#### INPUT DATA ####

Theorem hahn_banach z0 : exists F : V -> R,
  [/\ linear_functional F, forall u, F u <= p u & F z0 = p z0].
Proof.
have d00 : dominated_graph [set (0, 0)].
  split => //= [k _ _ _ _ [-> ->] [-> ->]|_ _ _ [_ ->] [_ ->]//|_ _ [-> ->]].
  - by rewrite scaler0 mulr0 !addr0.
  - by rewrite sublinear0.
have [G0 dG0 G0z0] : exists2 G0, dominated_graph G0 & G0 (z0, p z0).
  have [->|nz0] := eqVneq z0 0; first by exists [set (0, 0)]; rewrite // sublinear0.
  exists (line_extension [set (0, 0)] z0 (p z0)); last exact: line_extension_point.
  apply: dominated_line_extension => //= [[a [z00 _]]|u a [-> ->]|u a [-> ->]].
  - by move: nz0; rewrite z00 eqxx.
  - by rewrite !sub0r; have := sublinearN z0; lra.
  - by rewrite add0r subr0.
have [G dG [G0G Gtot]] := dominated_graph_total dG0.
have [F [Flin Fp FG]] := dominated_graph_fun dG Gtot.
by exists F; split => //; apply: FG; apply: G0G.
Qed.

End HahnBanach.

Section LinearFunctional.
Variables (R : realType) (V : lmodType R) (F : V -> R).
Hypothesis F_lin : linear_functional F.

Lemma linear_functional0 : F 0 = 0.
Proof. by have := F_lin 1 0 0; rewrite scaler0 addr0 mul1r; lra. Qed.

Lemma linear_functionalZ a u : F (a *: u) = a * F u.
Proof. by have := F_lin a u 0; rewrite !addr0 linear_functional0 addr0. Qed.

Lemma linear_functionalD u w : F (u + w) = F u + F w.
Proof. by have := F_lin 1 u w; rewrite scale1r mul1r. Qed.

Lemma linear_functionalN u : F (- u) = - F u.
Proof. by rewrite -scaleN1r linear_functionalZ mulN1r. Qed.

Lemma linear_functionalB u w : F (u - w) = F u - F w.
Proof. by rewrite linear_functionalD linear_functionalN. Qed.

Lemma linear_functional_sum I (r : seq I) (P : pred I) (a : I -> R) (u : I -> V) :
  F (\sum_(i <- r | P i) a i *: u i) = \sum_(i <- r | P i) a i * F (u i).
Proof.
elim/big_rec2: _ => [|i y1 y2 _ <-]; first exact: linear_functional0.
by rewrite linear_functionalD linear_functionalZ.
Qed.
End LinearFunctional.

Section ConeDistance.
Variables (R : realType) (V : normedModType R) (K : set V).
Hypothesis K0 : K 0.
Hypothesis KD : forall k1 k2, K k1 -> K k2 -> K (k1 + k2).
Hypothesis KZ : forall a k, 0 < a -> K k -> K (a *: k).

Definition cone_dist (z : V) := inf [set `|z - k| | k in K].

Let cone_dist_has_inf z : has_inf [set `|z - k| | k in K].
Proof. by split; [exists `|z - 0|, 0 | exists 0 => _ [k _ <-]]. Qed.

Lemma cone_dist_le z k : K k -> cone_dist z <= `|z - k|.
Proof. by move=> Kk; apply: (ge_inf (cone_dist_has_inf z).2); exists k. Qed.

Lemma cone_dist_ge z r : (forall k, K k -> r <= `|z - k|) -> r <= cone_dist z.
Proof.
by move=> Kr; apply: lb_le_inf (cone_dist_has_inf z).1 _ => _ [k Kk <-]; exact: Kr.
Qed.

Lemma cone_dist_near z e : 0 < e -> exists2 k, K k & `|z - k| < cone_dist z + e.
Proof.
by move=> e0; have [_ [k Kk <-] ?] := inf_adherent e0 (cone_dist_has_inf z); exists k.
Qed.

Lemma cone_distD u w : cone_dist (u + w) <= cone_dist u + cone_dist w.
Proof.
apply/ler_addgt0Pr => e e0; have e2 : 0 < e / 2 by rewrite divr_gt0.
have [k1 Kk1 h1] := cone_dist_near u e2; have [k2 Kk2 h2] := cone_dist_near w e2.
apply: le_trans (cone_dist_le _ (KD Kk1 Kk2)) _.
rewrite opprD addrACA; apply: le_trans (ler_normD _ _) _; lra.
Qed.

Lemma cone_distZ a u : 0 < a -> cone_dist (a *: u) = a * cone_dist u.
Proof.
move=> a0; have ai0 : 0 < a^-1 by rewrite invr_gt0.
apply/eqP; rewrite eq_le; apply/andP; split; apply/ler_addgt0Pr => e e0.
- have [k Kk h] := cone_dist_near u (divr_gt0 e0 a0).
  apply: le_trans (cone_dist_le _ (KZ a0 Kk)) _.
  rewrite -scalerBr normrZ gtr0_norm //.
  have : a * `|u - k| <= a * (cone_dist u + e / a) by rewrite ler_pM2l // ltW.
  by rewrite mulrDr mulrCA mulfV ?gt_eqF // mulr1.
- have [k Kk h] := cone_dist_near (a *: u) e0.
  have := cone_dist_le u (KZ ai0 Kk).
  have -> : u - a^-1 *: k = a^-1 *: (a *: u - k).
    by rewrite scalerBr scalerA mulVf ?gt_eqF // scale1r.
  rewrite normrZ gtr0_norm // => h2.
  have : a * cone_dist u <= a * (a^-1 * `|a *: u - k|) by rewrite ler_pM2l.
  rewrite mulrA mulfV ?gt_eqF // mul1r; lra.
Qed.
End ConeDistance.

Lemma convX_seq_combination (R : realType) (V : normedModType R) (C : set V)
    (s : seq (R * V)) :
  (forall q, q \in s -> 0 <= q.1 /\ C q.2) -> 0 < \sum_(q <- s) q.1 ->
  convX C ((\sum_(q <- s) q.1)^-1 *: \sum_(q <- s) q.1 *: q.2).
Proof.
move=> sC W0; set W := \sum_(q <- s) q.1.
have sCi (i : 'I_(size s)) := sC _ (mem_nth (0, 0) (ltn_ord i)).
exists (size s), (fun i => (nth (0, 0) s i).1 / W), (fun i => (nth (0, 0) s i).2).
split => [i||i|].
- by apply: divr_ge0; [case: (sCi i) | exact: ltW].
- rewrite -mulr_suml; have -> : \sum_(i < size s) (nth (0, 0) s i).1 = W.
    by rewrite /W (big_nth (0, 0)) big_mkord.
  by rewrite mulfV ?gt_eqF.
- by case: (sCi i).
- rewrite scaler_sumr (big_nth (0, 0)) big_mkord.
  by apply: eq_bigr => i _; rewrite scalerA mulrC.
Qed.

####

◆ INSTRUCTIONS FOR THE TASK
Write out each line above with the word "first".

◆ YOUR RESPONSE
  have [->|nz0] := eqVneq z0 0; first by exists [set (0, 0)]; rewrite // sublinear0.
elim/big_rec2: _ => [|i y1 y2 _ <-]; first exact: linear_functional0.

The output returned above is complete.